Without omitting anything, return the records precisely as given.

DATA IN THIS EXERCISE: Begin

Lemma minimal_nongenerated_seq I : is_ideal I -> ~ fin_generated I ->
  exists f : nat -> bihom, forall j,
    [/\ contains I (f j), ~ contains (ideal_of (mkseq f j)) (f j)
       & lead_minimal I (mkseq f j) (f j)].
Proof.
move=> I_ideal not_fg.
have step l : all_in I l -> exists e,
    [/\ contains I e, ~ contains (ideal_of l) e & lead_minimal I l e] /\ all_in I (rcons l e).
  move=> Il; have [[d n p] [Ie not_in]] := not_fin_generated_witness I_ideal not_fg Il.
  have [m [[q [Iq [not_in_q qE]]] m_min]] :=
    wf_min (P := fun m => exists q, I d n q /\ ~ ideal_of l d n q /\ mlead q = m)
           (@ltom_wf (n * r)) (ex_intro _ p (conj Ie (conj not_in erefl))).
  exists (@Bihom d n q); split.
    split=> // q' Iq' not_in_q' lt_q'.
    by apply: (m_min (mlead q')); [rewrite -qE | exists q'].
  by move=> i; rewrite size_rcons ltnS leq_eqVlt nth_rcons => /predU1P [->|lt_i];
    rewrite ?ltnn ?eqxx ?lt_i //; apply: Il.
have nil_in : all_in I [::] by [].
have [f Hf] := prefix_choice nil_in step.
by exists f => j; case: (Hf j).
Qed.

Definition lead_le (e e' : bihom) :=
  (bdeg e <= bdeg e')%N /\ mnm_emb (word (mlead (bpoly e))) (word (mlead (bpoly e'))).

DATA IN THIS EXERCISE: End

→ **ANSWER SECTION**:
Lemma minimal_nongenerated_seq I : is_ideal I -> ~ fin_generated I ->
  exists f : nat -> bihom, forall j,
    [/\ contains I (f j), ~ contains (ideal_of (mkseq f j)) (f j)
       & lead_minimal I (mkseq f j) (f j)].
Proof.
move=> I_ideal not_fg.
have step l : all_in I l -> exists e,
    [/\ contains I e, ~ contains (ideal_of l) e & lead_minimal I l e] /\ all_in I (rcons l e).
  move=> Il; have [[d n p] [Ie not_in]] := not_fin_generated_witness I_ideal not_fg Il.
  have [m [[q [Iq [not_in_q qE]]] m_min]] :=
    wf_min (P := fun m => exists q, I d n q /\ ~ ideal_of l d n q /\ mlead q = m)
           (@ltom_wf (n * r)) (ex_intro _ p (conj Ie (conj not_in erefl))).
  exists (@Bihom d n q); split.
    split=> // q' Iq' not_in_q' lt_q'.
    by apply: (m_min (mlead q')); [rewrite -qE | exists q'].
  by move=> i; rewrite size_rcons ltnS leq_eqVlt nth_rcons => /predU1P [->|lt_i];
    rewrite ?ltnn ?eqxx ?lt_i //; apply: Il.
have nil_in : all_in I [::] by [].
have [f Hf] := prefix_choice nil_in step.
by exists f => j; case: (Hf j).
Qed.

Definition lead_le (e e' : bihom) :=
  (bdeg e <= bdeg e')%N /\ mnm_emb (word (mlead (bpoly e))) (word (mlead (bpoly e'))).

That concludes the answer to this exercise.